Now is time to exploratory analysis through the understanding of the distribution of words and relationship between the words in the corpora. Sample data set is tokenized for extracting contiguous sequence of items. Concretely unigrams, bigrams and trigrams are extracted and their frequencies are obtained and plotted.

unigram.tokenizer <- function(x) NGramTokenizer(x, Weka_control(min = 1, max = 1))
bigram.tokenizer  <- function(x) NGramTokenizer(x, Weka_control(min = 2, max = 2))
trigram.tokenizer <- function(x) NGramTokenizer(x, Weka_control(min = 3, max = 3))

unigrams <- DocumentTermMatrix(corpora.tmCorpus, control = list(tokenize = unigram.tokenizer))
bigrams  <- DocumentTermMatrix(corpora.tmCorpus, control = list(tokenize = bigram.tokenizer))
trigrams <- DocumentTermMatrix(corpora.tmCorpus, control = list(tokenize = trigram.tokenizer))

unigrams.frequency <- sort(colSums(as.matrix(unigrams)),decreasing = TRUE)[1:30]
bigrams.frequency  <- sort(colSums(as.matrix(bigrams)),decreasing = TRUE)[1:30]
trigrams.frequency <- sort(colSums(as.matrix(trigrams)),decreasing = TRUE)[1:30]

unigrams.frequency.df <- data.frame(word = names(unigrams.frequency), frequency = unigrams.frequency)
bigrams.frequency.df  <- data.frame(word = names(bigrams.frequency), frequency = bigrams.frequency)
trigrams.frequency.df <- data.frame(word = names(trigrams.frequency), frequency = trigrams.frequency)
ggplot(unigrams.frequency.df, aes(reorder(word,frequency), frequency)) + 
        geom_bar(stat = "identity") + 
        xlab("Unigrams") + 
        ylab("Frequency") +
        coord_flip()

ggplot(bigrams.frequency.df, aes(reorder(word,frequency), frequency)) + 
        geom_bar(stat = "identity") + 
        xlab("Bigrams") + 
        ylab("Frequency") +
        coord_flip()

ggplot(trigrams.frequency.df, aes(reorder(word,frequency), frequency)) + 
        geom_bar(stat = "identity") + 
        xlab("Trigrams") + 
        ylab("Frequency") +
        coord_flip()

Word cloud

A more human way of frequencies observation is through word clouds.
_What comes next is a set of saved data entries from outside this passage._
End Similarity.

Section Fillmore.
Variable F : fieldType.

Lemma exists_simmx_col0_neq0 k (M : 'M[F]_k.+2) : ~~ is_scalar_mx M ->
  exists N a, [/\ M ~_{in unitmx} N, a != 0 & N a 0 != 0].
Proof.
move=> nscM.
case: (pickP (fun ij : 'I_k.+2 * 'I_k.+2 => (ij.1 != ij.2) && (M ij.2 ij.1 != 0))).
  move=> [i j] /andP[ij Mji] /=.
  exists (\matrix_(x, y) M (tperm 0 i x) (tperm 0 i y)), (tperm 0 i j).
  split; first exact: simmx_perm.
    by rewrite -[X in _ != X](tpermR 0 i) (inj_eq perm_inj) eq_sym.
  by rewrite mxE tpermK tpermL.
move=> offM; have {}offM x y : x != y -> M x y = 0.
  by move=> xy; apply/eqP; have /= := offM (y, x); rewrite eq_sym xy => /negbFE.
have [a Maa] : exists a, M a a != M 0 0.
  case: (pickP (fun a => M a a != M 0 0)) => [a|diagM]; first by exists a.
  case/negP: nscM; rewrite [M](_ : _ = (M 0 0)%:M) ?scalar_mx_is_scalar //.
  apply/matrixP => x y; have [<-|xy] := eqVneq x y; rewrite mxE ?eqxx ?(negPf xy).
    by rewrite mulr1n; apply/eqP/negbFE/diagM.
  by rewrite mulr0n offM.
have a0 : a != 0 by apply: contraNneq Maa => ->.
exists (elemmx a 0 1 *m M *m elemmx a 0 (- 1)), a; split.
- exact: simmx_elemmx.
- exact: a0.
rewrite elemmx_conjE eqxx (offM a 0 a0) (offM 0 a) 1?eq_sym //.
by rewrite !(mul1r, mulr1, mulr0, mul0r, add0r, subr0) eq_sym subr_eq0 eq_sym.
Qed.

Lemma exists_simmx_corner0 k (M : 'M[F]_k.+2) : ~~ is_scalar_mx M ->
  exists N a, [/\ M ~_{in unitmx} N, N 0 0 = 0, a != 0 & N a 0 != 0].
Proof.
move=> /exists_simmx_col0_neq0[N [a [simMN a0 Na0]]].
have /negPf a0F := a0; have /negPf a0F' : (0 : 'I_k.+2) != a by rewrite eq_sym.
set t := - (N 0 0 / N a 0).
exists (elemmx 0 a t *m N *m elemmx 0 a (- t)), a; split => //.
- by apply: simmx_trans simMN _; apply: simmx_elemmx; rewrite eq_sym.
- rewrite elemmx_conjE eqxx a0F' !(mul0r, mulr0, mul1r, subr0).
  by rewrite /t mulNr divfK // addrN.
by rewrite elemmx_conjE a0F a0F' !(mul0r, mulr0, subr0, addr0).
Qed.

Lemma exists_simmx_corner0_offdiag k (N : 'M[F]_k.+3) a :
    a != 0 -> N a 0 != 0 -> N 0 0 = 0 ->
  exists N' x y, [/\ N ~_{in unitmx} N', N' 0 0 = 0, x != y
                   & N' (lift 0 x) (lift 0 y) != 0].
Proof.
move=> a0 Na0 N00.
(* Conjugating by 1 + t E_ba clears the entry (b, 0); conjugating then by
   1 + E_0b keeps the corner 0 and puts - N a 0 at the off-diagonal (a, b). *)
have [a' Da] : exists a' : 'I_k.+2, a = lift 0 a'.
  by case: (unliftP 0 a) a0 => [a' ->|->]; [exists a' | rewrite eqxx].
have [b' ba'] : exists b' : 'I_k.+2, b' != a'.
  by case: (eqVneq a' 0) => [->|]; [exists ord_max | exists 0; rewrite eq_sym].
have [Nab|Nab] := eqVneq (N a (lift 0 b')) 0; last first.
  by exists N, a', b'; split; rewrite -?Da //; [exact: simmx_refl | rewrite eq_sym].
set b := lift 0 b' in Nab *.
have /negPf b0 : b != 0 by rewrite eq_sym neq_lift.
have /negPf ab : a != b by rewrite Da (inj_eq lift_inj) eq_sym.
have /negPf ba : b != a by rewrite eq_sym ab.
have /negPf a0F := a0; have /negPf a0F' : (0 : 'I_k.+3) != a by rewrite eq_sym.
set t := - (N b 0 / N a 0); set N1 := elemmx b a t *m N *m elemmx b a (- t).
have N1_00 : N1 0 0 = 0.
  by rewrite elemmx_conjE eq_sym b0 a0F' !(mul0r, mulr0, subr0, addr0).
have N1_b0 : N1 b 0 = 0.
  rewrite elemmx_conjE eqxx a0F' !(mul1r, mulr0, subr0).
  by rewrite /t mulNr divfK // addrN.
have N1_a0 : N1 a 0 = N a 0.
  by rewrite elemmx_conjE ab a0F' !(mul0r, mulr0, subr0, addr0).
have N1_ab : N1 a b = 0.
  by rewrite elemmx_conjE ab ba Nab !(mul0r, mulr0, subr0, addr0).
exists (elemmx 0 b 1 *m N1 *m elemmx 0 b (- 1)), a', b'; split => //.
- by apply: simmx_trans (simmx_elemmx t N (negbT ba)) (simmx_elemmx 1 N1 _); rewrite eq_sym b0.
- by rewrite elemmx_conjE eqxx eq_sym b0 N1_00 N1_b0 !(mulr0, mul0r, subr0, addr0).
- by rewrite eq_sym.
rewrite -Da elemmx_conjE a0F eqxx N1_ab N1_a0 !(mul0r, mulr0, mul1r, mulr1, add0r, subr0).
by rewrite oppr_eq0.
Qed.

Lemma exists_simmx_corner0_nonscalar m (M : 'M[F]_m.+2) : ~~ is_scalar_mx M ->
  exists2 N : 'M_(1 + m.+1), M ~_{in unitmx} N &
    ulsubmx N = 0 /\ ((0 < m)%N -> ~~ is_scalar_mx (drsubmx N)).
Proof.
suff corner0 (N : 'M[F]_(1 + m.+1)) : N 0 0 = 0 -> ulsubmx N = 0.
  case: m => [|m] in M corner0 *;
    move=> /exists_simmx_corner0[N [a [simMN N00 a0 Na0]]].
    by exists N => //; split=> //; apply: corner0.
  have [N' [x [y [simNN' N'00 xy N'xy]]]] := exists_simmx_corner0_offdiag a0 Na0 N00.
  exists N'; first exact: simmx_trans simMN simNN'.
  split=> [|_]; first exact: corner0.
  apply/negP => /is_scalar_mxP[c Bc]; move: N'xy.
  have -> : N' (lift 0 x) (lift 0 y) = drsubmx (N' : 'M_(1 + m.+2)) x y.
    by rewrite !mxE !rshift1.
  by rewrite Bc mxE (negPf xy) mulr0n eqxx.
move=> N00; apply/matrixP => i j; rewrite !ord1 !mxE -[RHS]N00.
by congr (N _ _); apply: val_inj.
Qed.

Lemma simmx_drsubmx l m (N : 'M[F]_(l + m)) B : drsubmx N ~_{in unitmx} B ->
  exists2 N', N ~_{in unitmx} N' & ulsubmx N' = ulsubmx N /\ drsubmx N' = B.
Proof.
move=> [P Pu /(simmxRL Pu) ->].
exists (block_mx 1%:M 0 0 P *m N *m block_mx 1%:M 0 0 (invmx P)).
  apply: simmx_mulmx.
  by rewrite mulmx_block !(mulmx0, mul0mx, mulmx1, addr0, add0r) mulVmx // -scalar_mx_block.
rewrite -[N in block_mx _ _ _ _ *m N]submxK !mulmx_block.
by rewrite !(mulmx0, mul0mx, mulmx1, mul1mx, addr0, add0r) block_mxKul block_mxKdr.
Qed.

Lemma submx_diag0 l m (N : 'M[F]_(l + m)) :
  (forall i, ulsubmx N i i = 0) -> (forall i, drsubmx N i i = 0) ->
  forall i, N i i = 0.
Proof.
move=> ul0 dr0 i; rewrite -(splitK i).
by case: split => j; [rewrite -(ul0 j) | rewrite -(dr0 j)]; rewrite !mxE.
Qed.

Lemma mxtrace_submx l m (N : 'M[F]_(l + m)) :
  \tr N = \tr (ulsubmx N) + \tr (drsubmx N).
Proof. by rewrite -{1}(submxK N) mxtrace_block. Qed.

Theorem exists_simmx_diag0 m (M : 'M[F]_m.+2) : ~~ is_scalar_mx M -> \tr M = 0 ->
  exists2 N, M ~_{in unitmx} N & forall i, N i i = 0.
Proof.
elim: m M => [|m IH] M /exists_simmx_corner0_nonscalar[N simMN [ulN nscB]] trM.
all: have ul0 i : ulsubmx N i i = 0 by rewrite ulN mxE.
all: have trB : \tr (drsubmx N) = 0
       by move: trM; rewrite -(simmx_mxtrace simMN) (mxtrace_submx N) ulN mxtrace0 add0r.
  by exists N => //; apply: (@submx_diag0 1 1) => // i; rewrite ord1 -trace_mx11.
have [B' simB B'0] := IH _ (nscB isT) trB.
have [N' simNN' [ulN' drN']] := simmx_drsubmx simB.
exists N'; first exact: simmx_trans simMN simNN'.
by apply: (@submx_diag0 1 m.+2) => i; rewrite ?ulN' ?drN'.
Qed.

End Fillmore.

Section InfiniteField.
Variables (F : fieldType) (hF : infinite_field F).

Lemma infinite_field_nonroot (q : {poly F}) : q != 0 -> exists x, ~~ root q x.
Proof.
move=> q0; have [s [size_s uniq_s]] : exists s : seq F, size s = size q /\ uniq s.
  elim: (size q) => [|k [s [size_s uniq_s]]]; first by exists [::].
  by have [x xs] := hF s; exists (x :: s); rewrite /= size_s xs.
have /allPn[x _ qx] : ~~ all (root q) s.
  by apply/negP => /(max_poly_roots q0)/(_ uniq_s); rewrite size_s ltnn.
by exists x.
Qed.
The wordcloud package is user to plot n-grams in a cloudy way

wordcloud(words = names(unigrams.frequency), freq = unigrams.frequency, min.freq = 500,
          scale=c(2.5, .25),
          rot.per=0.50,
          random.order = FALSE)

wordcloud(words = names(bigrams.frequency), freq = bigrams.frequency, min.freq = 50,
          scale=c(2.5, .25),
          rot.per=0.50,
          random.order = FALSE)

wordcloud(words = names(trigrams.frequency), freq = trigrams.frequency, min.freq = 5,
          scale=c(2.5, .25),
          rot.per=0.50,
          random.order = FALSE)

Next step

To continue the project n-grams will be used to probabilities calculation. Next steps include a n-gram probabilistic based model to next word prediction based on the previous 1, 2 or 3 words. Finally the predcition model will be used trough a shiny app as the goal of the project is defined.